Passang Tshering

Personal information
- Full name: Passang Tshering
- Date of birth: 16 July 1983 (age 43)
- Place of birth: Thimphu, Bhutan
- Height: 1.75 m (5 ft 9 in)
- Positions: Attacking midfielder; forward;

Senior career*
- Years: Team / Apps / (Gls)
- 2003–2008: Transport United /  / (45+)
- 2009–2011: Druk Star
- 2011–2013: Zimdra
- 2013–2019: Thimphu City
- 2021–2022: Tyros United

International career
- 2003–2015: Bhutan / 40 / (5)
- Bhutan national futsal team / 6 / (3)

= Passang Tshering =

Bhutanese footballer & coach (born 1983)

Passang Tshering (born 16 July 1983) is a Bhutanese former professional footballer and current coach. Passang played mainly as a forward. He also played futsal for Terton and Thimphu City.

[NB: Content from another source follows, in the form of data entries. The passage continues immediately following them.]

Lemma restrict_resolution (P : lmodType S) (F : nat -> lmodType S)
    (d : forall i, {linear F i.+1 -> F i}) (eps : {linear F 0%N -> P}) :
  proj_resolution d eps ->
  proj_resolution (F := fun i => res (F i))
    (fun i => restrict_map (diag x) (d i)) (restrict_map (diag x) eps).
Proof.
by case=> F_proj eps_surj ex0 ex; split=> // i; apply: restrict_projective.
Qed.

Lemma ext_resolution (N : lmodType R) (F : nat -> lmodType R)
    (d : forall i, {linear F i.+1 -> F i}) (eps : {linear F 0%N -> N}) :
  proj_resolution d eps ->
  proj_resolution (F := fun i => ext hx (F i)) (fun i => ext_map (d i))
    (ext_map eps).
Proof.
case=> F_proj eps_surj ex0 ex; split=> [i | | | i].
- exact: ext_projective.
- exact: ext_map_surj.
- exact: ext_map_exact.
- exact: ext_map_exact.
Qed.

(* FP-id_R(R) <= n implies FP-id_S(S) <= n: restrict a finitely presented
   S-module and its resolution to R, solve the cocycle problem for the
   R-valued form beta, and lift back by Frobenius reciprocity. *)
Lemma FPid_le_bowtie n : FPid_le (R^o : lmodType R) n -> FPid_le S^o n.
Proof.
move=> R_fpid P P_fp F d eps F_res f f_cocycle.
pose h := (beta_map \o restrict_map (diag x) f : {linear res (F n.+1) -> R^o}).
have h_cocycle z : h (restrict_map (diag x) (d n.+1) z) = 0.
  by rewrite /= f_cocycle (linear0 beta_map).
have [g0 g0_d] := R_fpid _ (restrict_fin_presented P_fp) _ _ _
  (restrict_resolution F_res) h h_cocycle.
have [g beta_g] := frobenius_lift g0.
exists g; apply: (frobenius_eq (g2 := g \o d n : {linear _ -> _})) => z /=.
by rewrite beta_g -g0_d.
Qed.

(* FP-id_S(S) <= n implies FP-id_R(R) <= n: extend a finitely presented
   R-module and its resolution to S, solve the cocycle problem there and
   read off the first coordinate on the summand  M ⊂ S ⊗_R M. *)
Lemma FPid_le_base n : FPid_le S^o n -> FPid_le (R^o : lmodType R) n.
Proof.
move=> S_fpid N N_fp F d eps F_res f f_cocycle.
pose f' := (ext_regular \o ext_map f : {linear ext hx (F n.+1) -> S^o}).
have f'_cocycle z : f' (ext_map (d n.+1) z) = 0.
  by case: z => z1 z2; rewrite /= /ext_regular /= !f_cocycle -diagE rmorph0.
have [G G_d] := S_fpid _ (ext_fin_presented N_fp) _ _ _
  (ext_resolution F_res) f' f'_cocycle.
exists (alpha_map \o restrict_map (diag x) G \o ext_unit hx : {linear _ -> _}).
move=> z; have := G_d (z, 0); rewrite /= /ext_regular /ext_map /= !linear0.
by move/(congr1 (@alpha _ x)); rewrite alpha_bpair.
Qed.

End Transfer.

(* Equality of extended-valued dimensions: for every n, one equals n iff the
   other does (both infinite iff neither equals any n). *)
Theorem lemma2p4 (R : comPzRingType) (x : R) (hx : regular_elt x) :
  forall n : nat,
    FPid_is (R^o : lmodType R) n <->
    FPid_is ((bowtie x)^o : lmodType (bowtie x)) n.
Proof.
move=> n; split=> -[le_n not_le_lt]; split.
- exact: FPid_le_bowtie.
- by move=> m lt_mn /(FPid_le_base hx); apply: not_le_lt.
- exact: FPid_le_base le_n.
- by move=> m lt_mn /(FPid_le_bowtie hx); apply: not_le_lt.
Qed.
Lemma coupling_dirac_mix_decomp {s x x' mu mu' xi} :
  (0 < s <= 1)%R -> (1 - s <= xi x x')%R ->
  coupling (dirac_mix s x mu) (dirac_mix s x' mu') xi ->
  exists2 eta, coupling mu mu' eta & xi = dirac_mix2 s x x' eta.
Proof.
move=> /andP[s0 s1] xixx' [xi0 [row col]].
have s01 : (0 <= s <= 1)%R by rewrite ltW.
pose eta y y' := ((xi y y' - (1 - s) * ((y, y') == (x, x'))%:R) / s)%R.
have xiE : xi = dirac_mix2 s x x' eta.
  apply/funext => y; apply/funext => y'.
  by rewrite /dirac_mix2 /eta [(s * _)%R]mulrC divfK ?gt_eqF // addrC subrK.
have eta0 y y' : (0 <= eta y y')%R.
  rewrite /eta divr_ge0 ?(ltW s0) //.
  case: eqP => [[-> ->]|_]; first by rewrite mulr1 subr_ge0.
  by rewrite mulr0 subr0.
exists eta => //; split => //; split => [y|y'].
- apply: (@EFin_of_affine_eq _ ((1 - s) * (y == x)%:R) s) => //.
  by rewrite -(esum_dirac_mix2_row s x x') // -xiE row.
- apply: (@EFin_of_affine_eq _ ((1 - s) * (y' == x')%:R) s) => //.
  by rewrite -(esum_dirac_mix2_col s x x') // -xiE col.
Qed.

End dirac_mixtures.

Section wasserstein.
Context {R : realType} {V : choiceType} (nbr : V -> {fset V}).
Local Open Scope ereal_scope.

Lemma W1_ge0 (mu mu' : V -> R) : 0 <= W1 nbr mu mu'.
Proof.
apply: le_ereal_inf_tmp => _ [xi [xi0 _] <-]; apply: esum_ge0 => p _.
by apply: mule_ge0; rewrite ?lee_fin ?gdist_ge0.
Qed.

Lemma W1_dirac_mix (s : R) (x x' : V) (mu mu' : V -> R) :
  (0 < s <= 1)%R -> gdist R nbr x x' \is a fin_num ->
  (forall xi, coupling (dirac_mix s x mu) (dirac_mix s x' mu') xi -> (1 - s <= xi x x')%R) ->
  W1 nbr (dirac_mix s x mu) (dirac_mix s x' mu') =
  (1 - s)%:E * gdist R nbr x x' + s%:E * W1 nbr mu mu'.
Proof.
move=> s01 dfin diag; have /andP[s0 s1] := s01.
have s01' : (0 <= s <= 1)%R by rewrite ltW.
rewrite /W1 -ereal_inf_pZl // -ereal_inf_addl ?fin_numM //.
congr ereal_inf; apply/seteqP; split.
- move=> _ [xi Cxi <-].
  have [eta Ceta ->] := coupling_dirac_mix_decomp s01 (diag xi Cxi) Cxi.
  have [eta0 _] := Ceta.
  exists (s%:E * \esum_(p in [set: V * V]) ((eta p.1 p.2)%:E * gdist R nbr p.1 p.2)).
    by exists (\esum_(p in [set: V * V]) ((eta p.1 p.2)%:E * gdist R nbr p.1 p.2)) => //;
      exists eta.
  by rewrite esum_dirac_mix2_cost // => *; exact: gdist_ge0.
- move=> _ [_ [_ [eta Ceta <-] <-] <-].
  exists (dirac_mix2 s x x' eta); first exact: coupling_dirac_mix2.
  by rewrite esum_dirac_mix2_cost //; [case: Ceta|move=> *; exact: gdist_ge0].
Qed.

Lemma coupling_mul (mu mu' : V -> R) :
  (forall y, 0 <= mu y)%R -> (forall y, 0 <= mu' y)%R ->
  \esum_(y in [set: V]) (mu y)%:E = 1 -> \esum_(y in [set: V]) (mu' y)%:E = 1 ->
  coupling mu mu' (fun y y' => mu y * mu' y')%R.
Proof.
move=> mu0 mu'0 mass mass'; split; first by move=> y y'; rewrite mulr_ge0.
split => [y|y'].
- under eq_esum do rewrite EFinM.
  by rewrite esumZl ?mass' ?mule1 // => v; rewrite lee_fin.
- under eq_esum do rewrite mulrC EFinM.
  by rewrite esumZl ?mass ?mule1 // => v; rewrite lee_fin.
Qed.
Section Potential.
Variable R : realType.
Variables SX SY : finType.
Variable phi : SX -> SY -> R.
Local Notation history := (history SX SY).
Implicit Types (sx : stratX R SX SY) (sy : stratY R SX SY) (g : history).

Definition mixed_payoff (tau : {ffun SX -> R}) y := \sum_a tau a * phi a y.

Lemma stage_payoffE sx sy g :
  stage_payoff phi sx sy g = \sum_b sy g b * mixed_payoff (sx g) b.
Proof.
rewrite /stage_payoff exchange_big; apply: eq_bigr => b _.
by rewrite /mixed_payoff mulr_sumr; apply: eq_bigr => a _; rewrite mulrCA mulrA.
Qed.

Lemma mixed_payoff_mixf p (tau1 tau2 : {ffun SX -> R}) y :
  mixed_payoff (mixf p tau1 tau2) y = p * mixed_payoff tau1 y + (1 - p) * mixed_payoff tau2 y.
Proof.
rewrite /mixed_payoff !mulr_sumr -big_split; apply: eq_bigr => a _.
by rewrite ffunE mulrDl !mulrA.
Qed.

Variable lam : R.

Definition potential sx (W : history -> R) := forall g y,
  (1 - lam) * mixed_payoff (sx g) y = W g - lam * \sum_a sx g a * W (rcons g (a, y)).

Lemma stage_payoff_potential sx W sy g : potential sx W ->
  (1 - lam) * stage_payoff phi sx sy g =
    W g - lam * \sum_a \sum_b sx g a * sy g b * W (rcons g (a, b)).
Proof.
move=> W_pot; rewrite stage_payoffE mulr_sumr.
have -> : \sum_a \sum_b sx g a * sy g b * W (rcons g (a, b)) =
          \sum_b sy g b * \sum_a sx g a * W (rcons g (a, b)).
  rewrite exchange_big; apply: eq_bigr => b _.
  by rewrite mulr_sumr; apply: eq_bigr => a _; rewrite mulrCA mulrA.
have W_avg : W g = \sum_b sy g b * W g by rewrite -mulr_suml pmf_sum1 mul1r.
rewrite [in RHS]W_avg mulr_sumr -sumrB.
by apply: eq_bigr => b _; rewrite mulrCA W_pot mulrBr mulrCA.
Qed.

Lemma expect_from_potential sx sy W : potential sx W -> forall n g,
  (1 - lam) * expect_from sx sy g n (stage_payoff phi sx sy) =
    expect_from sx sy g n W - lam * expect_from sx sy g n.+1 W.
Proof.
move=> W_pot; elim=> [|n IH] g.
  rewrite !expect_from0 (stage_payoff_potential _ _ W_pot) expect_fromS.
  by under [in RHS]eq_bigr do under eq_bigr do rewrite expect_from0.
rewrite !(expect_fromS _ _ g) !mulr_sumr -sumrB; apply: eq_bigr => a _.
rewrite !mulr_sumr -sumrB; apply: eq_bigr => b _.
by rewrite mulrCA IH mulrBr mulrCA.
Qed.

Lemma disc_partial_potential sx sy W : potential sx W -> forall n,
  disc_partial phi lam sx sy n = W [::] - lam ^+ n * expect_from sx sy [::] n W.
Proof.
move=> W_pot n; rewrite /disc_partial mulr_sumr.
under eq_bigr => t _.
  rewrite mulrCA [_ * expected_stage _ _ _ _](expect_from_potential _ W_pot).
  rewrite mulrBr mulrA -exprSr -opprB.
  over.
rewrite sumrN -(big_mkord xpredT (fun t => lam ^+ t.+1 * expect_from sx sy [::] t.+1 W -
                                          lam ^+ t * expect_from sx sy [::] t W)).
by rewrite telescope_sumr // expr0 mul1r expect_from0 opprB.
Qed.

Lemma autocratic_of_potential sx W B : 0 <= lam < 1 ->
  potential sx W -> W [::] = 0 -> (forall g, `|W g| <= B) -> autocratic phi lam sx.
Proof.
move=> lam01 W_pot W_nil WB sy.
rewrite (funext (disc_partial_potential sy W_pot)) W_nil.
under eq_fun do rewrite sub0r.
rewrite -oppr0; apply: cvgN; apply: cvg_geometric_bounded lam01 _ => n.
exact: norm_expect_from_le.
Qed.

End Potential.

Section MixDist.
Variable R : realType.
Variable T : finType.

Lemma pmf_le1 (tau : dist R T) t : tau t <= 1.
Proof. by rewrite -(pmf_sum1 tau) (bigD1 t) //= lerDl sumr_ge0 // => *; exact: pmf_ge0. Qed.

Definition clamp01 (p : R) := Num.max 0 (Num.min p 1).

Lemma clamp01_in p : 0 <= clamp01 p <= 1.
Proof. by rewrite /clamp01 le_max lexx ge_max ler01 ge_min lexx orbT. Qed.

Lemma clamp01_id p : 0 <= p <= 1 -> clamp01 p = p.
Proof. by case/andP=> p_ge0 p_le1; rewrite /clamp01 (min_l p_le1) (max_r p_ge0). Qed.

Lemma mixf_ge0 p (tau1 tau2 : dist R T) t : 0 <= p <= 1 -> 0 <= mixf p tau1 tau2 t.
Proof.
by case/andP=> p_ge0 p_le1; rewrite ffunE addr_ge0 // mulr_ge0 ?pmf_ge0 ?subr_ge0.
Qed.

Lemma mixf_sum1 p (tau1 tau2 : dist R T) : \sum_t mixf p tau1 tau2 t = 1.
Proof.
under eq_bigr do rewrite ffunE.
by rewrite big_split /= -!mulr_sumr !pmf_sum1 !mulr1 addrC subrK.
Qed.

(* The weight is clamped to [0, 1] so that [mix_dist] is total in [p]. *)
Definition mix_dist (tau1 tau2 : dist R T) (p : R) : dist R T :=
  Dist (fun t => mixf_ge0 tau1 tau2 t (clamp01_in p)) (mixf_sum1 (clamp01 p) tau1 tau2).

End MixDist.

Section Dirac.
Variable R : realType.
Variable T : finType.

Lemma dirac_ge0 (y : T) t : 0 <= [ffun b => ((b == y)%:R : R)] t.
Proof. by rewrite ffunE ler0n. Qed.

Lemma dirac_sum1 (y : T) : \sum_t [ffun b => ((b == y)%:R : R)] t = 1.
Proof.
rewrite (bigD1 y) //= ffunE eqxx big1 ?addr0 // => b /negbTE b_neq_y.
by rewrite ffunE b_neq_y.
Qed.

Definition dirac_dist (y : T) : dist R T := Dist (dirac_ge0 y) (dirac_sum1 y).

Lemma dirac_distE y b : dirac_dist y b = (b == y)%:R.
Proof. by rewrite ffunE. Qed.

Lemma sum_dirac_dist y (G : T -> R) : \sum_b dirac_dist y b * G b = G y.
Proof.
rewrite (bigD1 y) //= dirac_distE eqxx mul1r big1 ?addr0 // => b /negbTE b_neq_y.
by rewrite dirac_distE b_neq_y mul0r.
Qed.

End Dirac.

Lemma convex_between (R : realDomainType) (p u v lo hi : R) : 0 <= p <= 1 ->
  lo <= u <= hi -> lo <= v <= hi -> lo <= p * u + (1 - p) * v <= hi.
Proof.
move=> /andP[p_ge0 p_le1] /andP[lo_u u_hi] /andP[lo_v v_hi].
have q_ge0 : 0 <= 1 - p by rewrite subr_ge0.
have mix_self x : p * x + (1 - p) * x = x by rewrite -mulrDl addrC subrK mul1r.
by rewrite -[X in X <= _ <= _]mix_self -[X in _ <= _ <= X]mix_self !lerD ?ler_wpM2l.
Qed.

Section TwoPointStrategy.
Variable R : realType.
Variables SX SY : finType.
Variable phi : SX -> SY -> R.
Variable lam : R.
Hypotheses (lam_gt0 : 0 < lam) (lam_lt1 : lam < 1).
Variables (m M : R) (tp tm : dist R SX).
Hypotheses (m_lt_M : m < M) (m_le0 : m <= 0) (M_ge0 : 0 <= M).
(* From level [M] (resp. [m]), [tp] (resp. [tm]) leads to a continuation level in [m, M]. *)
Hypothesis tp_bounds : forall y, lam * m <= M - (1 - lam) * mixed_payoff phi tp y <= lam * M.
Hypothesis tm_bounds : forall y, lam * m <= m - (1 - lam) * mixed_payoff phi tm y <= lam * M.

Lemma M_sub_m_gt0 : 0 < M - m. Proof. by rewrite subr_gt0. Qed.

Lemma two_point_ends_differ (y : SY) : exists a, tp a != tm a.
Proof.
case: (pickP (fun a => tp a != tm a)) => [a tp_tm_a | tp_eq_tm]; first by exists a.
have same_payoff : mixed_payoff phi tp y = mixed_payoff phi tm y.
  by apply: eq_bigr => a _; move/negbFE/eqP: (tp_eq_tm a) => ->.
have /andP[_ tp_up] := tp_bounds y; have /andP[tm_lo _] := tm_bounds y.
rewrite same_payoff in tp_up.
have : (1 - lam) * M <= (1 - lam) * m by lra.
by rewrite ler_pM2l ?subr_gt0 // leNgt m_lt_M.
Qed.

Variable a0 : SX.
Hypothesis tp_tm_a0 : tp a0 != tm a0.

Definition level (p : R) := m + p * (M - m).
Definition weight_of_level (w : R) := (w - m) / (M - m).
Definition mix_weight (tau : dist R SX) := (tau a0 - tm a0) / (tp a0 - tm a0).
(* The level [w'] reached after [y] solves [level p = (1 - lam) * payoff + lam * w']. *)
Definition next_weight (p : R) (y : SY) :=
  weight_of_level ((level p - (1 - lam) * mixed_payoff phi (mixf p tp tm) y) / lam).

Definition two_point_init := mix_dist tp tm (weight_of_level 0).
Definition two_point_update (tau : dist R SX) (y : SY) :=
  mix_dist tp tm (next_weight (mix_weight tau) y).
Local Notation strategy := (reactive_strategy two_point_init two_point_update).

Lemma level_weight_of_level w : level (weight_of_level w) = w.
Proof.
rewrite /level /weight_of_level divfK; first by rewrite addrC subrK.
exact: lt0r_neq0 M_sub_m_gt0.
Qed.

Lemma weight_of_level_in w : m <= w <= M -> 0 <= weight_of_level w <= 1.
Proof.
case/andP=> m_w w_M; have Mm_gt0 := M_sub_m_gt0; apply/andP; split.
- by rewrite divr_ge0 // subr_ge0 // ltW.
- by rewrite ler_pdivrMr // mul1r lerD2r.
Qed.

Lemma mix_weight_mixf tau p : pmf tau = mixf p tp tm -> mix_weight tau = p.
Proof.
move=> tauE; rewrite /mix_weight tauE ffunE.
have tp_tm_neq0 : tp a0 - tm a0 != 0 by rewrite subr_eq0.
by apply: (mulIf tp_tm_neq0); rewrite divfK //; ring.
Qed.

Lemma next_weight_in p y : 0 <= p <= 1 -> 0 <= next_weight p y <= 1.
Proof.
move=> p01; apply: weight_of_level_in.
have cont_eq : level p - (1 - lam) * mixed_payoff phi (mixf p tp tm) y =
    p * (M - (1 - lam) * mixed_payoff phi tp y) + (1 - p) * (m - (1 - lam) * mixed_payoff phi tm y).
  by rewrite mixed_payoff_mixf /level; ring.
have := convex_between p01 (tp_bounds y) (tm_bounds y); rewrite -cont_eq.
by rewrite !ler_pdivlMr ?ler_pdivrMr // ![_ * lam]mulrC.
Qed.

Lemma two_point_strategy_mixf h :
  exists2 p, 0 <= p <= 1 & pmf (strategy h) = mixf p tp tm.
Proof.
case/lastP: h => [|h ab]; first by exists (clamp01 (weight_of_level 0)); rewrite ?clamp01_in.
rewrite /reactive_strategy foldl_rcons.
by exists (clamp01 (next_weight (mix_weight (strategy h)) ab.2)); rewrite ?clamp01_in.
Qed.

Definition two_point_level (h : history SX SY) := level (mix_weight (strategy h)).

Lemma two_point_level_bounded h : `|two_point_level h| <= M - m.
Proof.
have [p /andP[p_ge0 p_le1] pE] := two_point_strategy_mixf h.
rewrite /two_point_level (mix_weight_mixf pE) /level ler_norml.
have Mm_gt0 := M_sub_m_gt0.
have x_le : p * (M - m) <= M - m by rewrite ler_piMl // ltW.
have x_ge0 : 0 <= p * (M - m) by rewrite mulr_ge0 // ltW.
by move: m_le0 M_ge0 => ? ?; apply/andP; split; lra.
Qed.

Lemma two_point_level_nil : two_point_level [::] = 0.
Proof.
rewrite /two_point_level (@mix_weight_mixf _ (weight_of_level 0)) ?level_weight_of_level //=.
by rewrite clamp01_id // weight_of_level_in // m_le0.
Qed.

Lemma two_point_potential : potential phi lam strategy two_point_level.
Proof.
move=> h y; have [p p01 pE] := two_point_strategy_mixf h.
have next_level a : two_point_level (rcons h (a, y)) = level (next_weight p y).
  rewrite /two_point_level /reactive_strategy foldl_rcons -/(strategy h) /=.
  rewrite (@mix_weight_mixf _ (next_weight p y)) //= (mix_weight_mixf pE).
  by rewrite clamp01_id // next_weight_in.
under eq_bigr do rewrite next_level.
rewrite -mulr_suml pmf_sum1 mul1r /two_point_level (mix_weight_mixf pE) pE.
rewrite /next_weight level_weight_of_level [lam * _]mulrC divfK ?lt0r_neq0 //.
by rewrite opprB subrKC.
Qed.

Lemma two_point_autocratic : autocratic phi lam strategy.
Proof.
apply: autocratic_of_potential two_point_potential two_point_level_nil two_point_level_bounded.
by rewrite ltW.
Qed.

Lemma two_point_init_update : two_point two_point_init two_point_update.
Proof.
exists tp, tm, (clamp01 (weight_of_level 0)), (fun p y => clamp01 (next_weight p y)).
split=> //; first exact: clamp01_in.
- by move=> *; exact: clamp01_in.
- by move=> tau p y _ tauE; rewrite /= (mix_weight_mixf tauE).
Qed.

End TwoPointStrategy.

Section ConstantStrategy.
Variable R : realType.
Variables SX SY : finType.
Variable phi : SX -> SY -> R.
Variable tau : dist R SX.
(* For any $\alpha,\beta\in\mathbb{R}$, the problem $\ddot y+3y+\frac32y^3=0$, $y(0)=\alpha$, $\dot y(0)=\beta$ admits a unique solution $\overline y$, which is periodic of period $$T(E)=\frac{8}{\sqrt3}\int_0^1\frac{ds}{\sqrt{(\Lambda_+(E)+\Lambda_-(E)s^2)(1-s^2)}},$$ where $E=\frac{\beta^2}{2}+\frac32\alpha^2+\frac38\alpha^4$ and $\Lambda_\pm(E)=2\sqrt{1+\frac23E}\pm2$. Moreover, the map $E\mapsto T(E)$ is strictly decreasing and $\lim_{E\to0}T(E)=2\pi/\sqrt3$. *)

From Stdlib Require Import Reals.
From Coquelicot Require Import Coquelicot.
Open Scope R_scope.

Definition energy (alpha beta : R) : R :=
  beta ^ 2 / 2 + 3 / 2 * alpha ^ 2 + 3 / 8 * alpha ^ 4.

Definition Lam_plus (E : R) : R := 2 * sqrt (1 + 2 / 3 * E) + 2.
Definition Lam_minus (E : R) : R := 2 * sqrt (1 + 2 / 3 * E) - 2.

Definition period_integrand (E : R) (s : R) : R :=
  / sqrt ((Lam_plus E + Lam_minus E * s ^ 2) * (1 - s ^ 2)).

Definition Tper (E : R) : R :=
  8 / sqrt 3 * RInt_gen (period_integrand E) (at_point 0) (at_left 1).

Definition is_solution (alpha beta : R) (y : R -> R) : Prop :=
  (forall t, ex_derive y t) /\
  (forall t, is_derive (Derive y) t (- (3 * y t) - 3 / 2 * y t ^ 3)) /\
  y 0 = alpha /\ Derive y 0 = beta.

From Stdlib Require Import Reals Lra Psatz ClassicalEpsilon Ranalysis5.
From Coquelicot Require Import Coquelicot.
Open Scope R_scope.

(* Writing the solution as [y = A sin theta] with [A^2 = Lam_minus E], conservation of
   energy reduces the equation to the phase equation
   [theta' = sqrt 3 / 2 * sqrt (Lam_plus E + Lam_minus E * sin theta ^ 2)],
   solved by inverting the time map [theta |-> int_0^theta dphi / theta'(phi)].
   By the symmetries of [sin^2], one turn of the phase takes four times the time to
   reach [PI/2], and the substitution [s = sin phi] identifies this with [Tper E]. Uniqueness follows from
   Gronwall's lemma, the nonlinearity being Lipschitz on the energy-bounded region;
   monotonicity and the limit hold because the integrand decreases with [E] and lies
   between [1/2 - E/12] and [1/2]. *)

Lemma is_derive_continuity_pt (f : R -> R) x l : is_derive f x l -> continuity_pt f x.
Proof.
  intros H. apply derivable_continuous_pt. exists l. now apply is_derive_Reals.
Qed.

Lemma is_derive_0_const (f : R -> R) x y : (forall t, is_derive f t 0) -> f x = f y.
Proof.
  intros Hf. destruct (MVT_gen f x y (fun _ => 0)) as [c [_ Hc]].
  - intros; apply Hf.
  - intros t _. exact (is_derive_continuity_pt f t 0 (Hf t)).
  - lra.
Qed.

Lemma gronwall_zero_fwd (W dW : R -> R) C :
  (forall t, 0 <= W t) -> W 0 = 0 ->
  (forall t, is_derive W t (dW t)) -> (forall t, Rabs (dW t) <= C * W t) ->
  forall t, 0 <= t -> W t = 0.
Proof.
  intros Hpos H0 HD Hb t Ht.
  set (V := fun x => W x * exp (- C * x)).
  assert (HV : forall x, is_derive V x ((dW x - C * W x) * exp (- C * x))).
  { intros x. unfold V.
    replace ((dW x - C * W x) * exp (- C * x))
      with (dW x * exp (- C * x) + W x * (- C * exp (- C * x))) by ring.
    apply (is_derive_mult W (fun x => exp (- C * x)));
      [apply HD | | intros; apply Rmult_comm].
    auto_derive; auto; ring. }
  destruct (MVT_gen V 0 t _ (fun x _ => HV x)) as [c [_ Hc]].
  { intros x _. eapply is_derive_continuity_pt. apply HV. }
  assert (Hdec : dW c - C * W c <= 0).
  { pose proof (Hb c). pose proof (Rle_abs (dW c)). lra. }
  unfold V in Hc. rewrite H0, Rmult_0_l, Rminus_0_r, Rminus_0_r in Hc.
  pose proof (exp_pos (- C * c)). pose proof (exp_pos (- C * t)). pose proof (Hpos t).
  assert (W t * exp (- C * t) <= 0).
  { rewrite Hc. apply Rmult_le_0_r; [|lra]. apply Rmult_le_0_r; lra. }
  nra.
Qed.

Lemma gronwall_zero (W dW : R -> R) C :
  (forall t, 0 <= W t) -> W 0 = 0 ->
  (forall t, is_derive W t (dW t)) -> (forall t, Rabs (dW t) <= C * W t) ->
  forall t, W t = 0.
Proof.
  intros Hpos H0 HD Hb t. destruct (Rle_or_lt 0 t) as [Ht | Ht].
  - exact (gronwall_zero_fwd W dW C Hpos H0 HD Hb t Ht).
  - replace t with (- - t) by ring.
    apply (gronwall_zero_fwd (fun s => W (- s)) (fun s => - dW (- s)) C); auto.
    + now rewrite Ropp_0.
    + intros s. replace (- dW (- s)) with (-1 * dW (- s)) by ring.
      apply (is_derive_comp W Ropp). apply HD. auto_derive; auto.
    + intros s. rewrite Rabs_Ropp. apply Hb.
    + lra.
Qed.

Lemma is_RInt_gen_at_left (f : R -> R) a c l : a < c ->
  (forall b, a <= b < c -> ex_RInt f a b) ->
  filterlim (fun b => RInt f a b) (at_left c) (locally l) ->
  is_RInt_gen f (at_point a) (at_left c) l.
Proof.
  intros Hac Hex Hlim P HP.
  apply Filter_prod with (fun x => x = a) (fun b => a <= b < c /\ P (RInt f a b)).
  - reflexivity.
  - apply filter_and; [| exact (Hlim P HP)].
    exists (mkposreal (c - a) ltac:(lra)). intros y Hy Hyc.
    apply Rabs_def2 in Hy. simpl in Hy. unfold minus, plus, opp in Hy; simpl in Hy. lra.
  - intros x b -> [Hb HPb]. exists (RInt f a b). split; [|exact HPb].
    apply (@RInt_correct R_CompleteNormedModule), Hex, Hb.
Qed.

(* Meaningful only when [f] is onto. *)
Definition inverse (f : R -> R) (t : R) : R := epsilon (inhabits 0) (fun x => f x = t).

Section InverseFunction.

Variables (f g : R -> R) (m : R).
Hypothesis m_pos : 0 < m.
Hypothesis f_deriv : forall x, is_derive f x (g x).
Hypothesis g_ge : forall x, m <= g x.

Lemma growth_of_deriv_ge x y : x <= y -> m * (y - x) <= f y - f x.
Proof.
  intros Hxy. destruct (MVT_gen f x y g) as [c [_ Hc]].
  - intros; apply f_deriv.
  - intros z _. exact (is_derive_continuity_pt f z _ (f_deriv z)).
  - rewrite Hc. apply Rmult_le_compat_r; [lra | apply g_ge].
Qed.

In 2007, he won the title of A-Division top-scorer with 28 goals. On 4 August 2007, Passang Tshering could go down in the history of football for three reasons: scoring a hat-trick within three minutes, scoring nine goals in one half, and scoring the most goals in a single game. “I didn’t expect to score 17", but there is no reason to celebrate or feel great because we played against a weak team”.

==Career statistics==
===International===

Appearances and goals by national team and year
| National team | Year | Apps | Goals |
| Bhutan | 2002 | 1 | 0 |
| 2003 | 11 | 1 |
| 2004 | – |  |
| 2005 | 2 | 0 |
| 2006 | 2 | 0 |
| 2007 | – |  |
| 2008 | 7 | 1 |
| 2009 | 7 | 1 |
| 2010 | – |  |
| 2011 | 3 | 0 |
| 2012 | 1 | 0 |
| 2013 | 3 | 2 |
| 2014 | – |  |
| 2015 | 3 | 0 |
| Total |  | 40 | 5 |

Scores and results list Bhutan's goal tally first, score column indicates score after each Tshering goal.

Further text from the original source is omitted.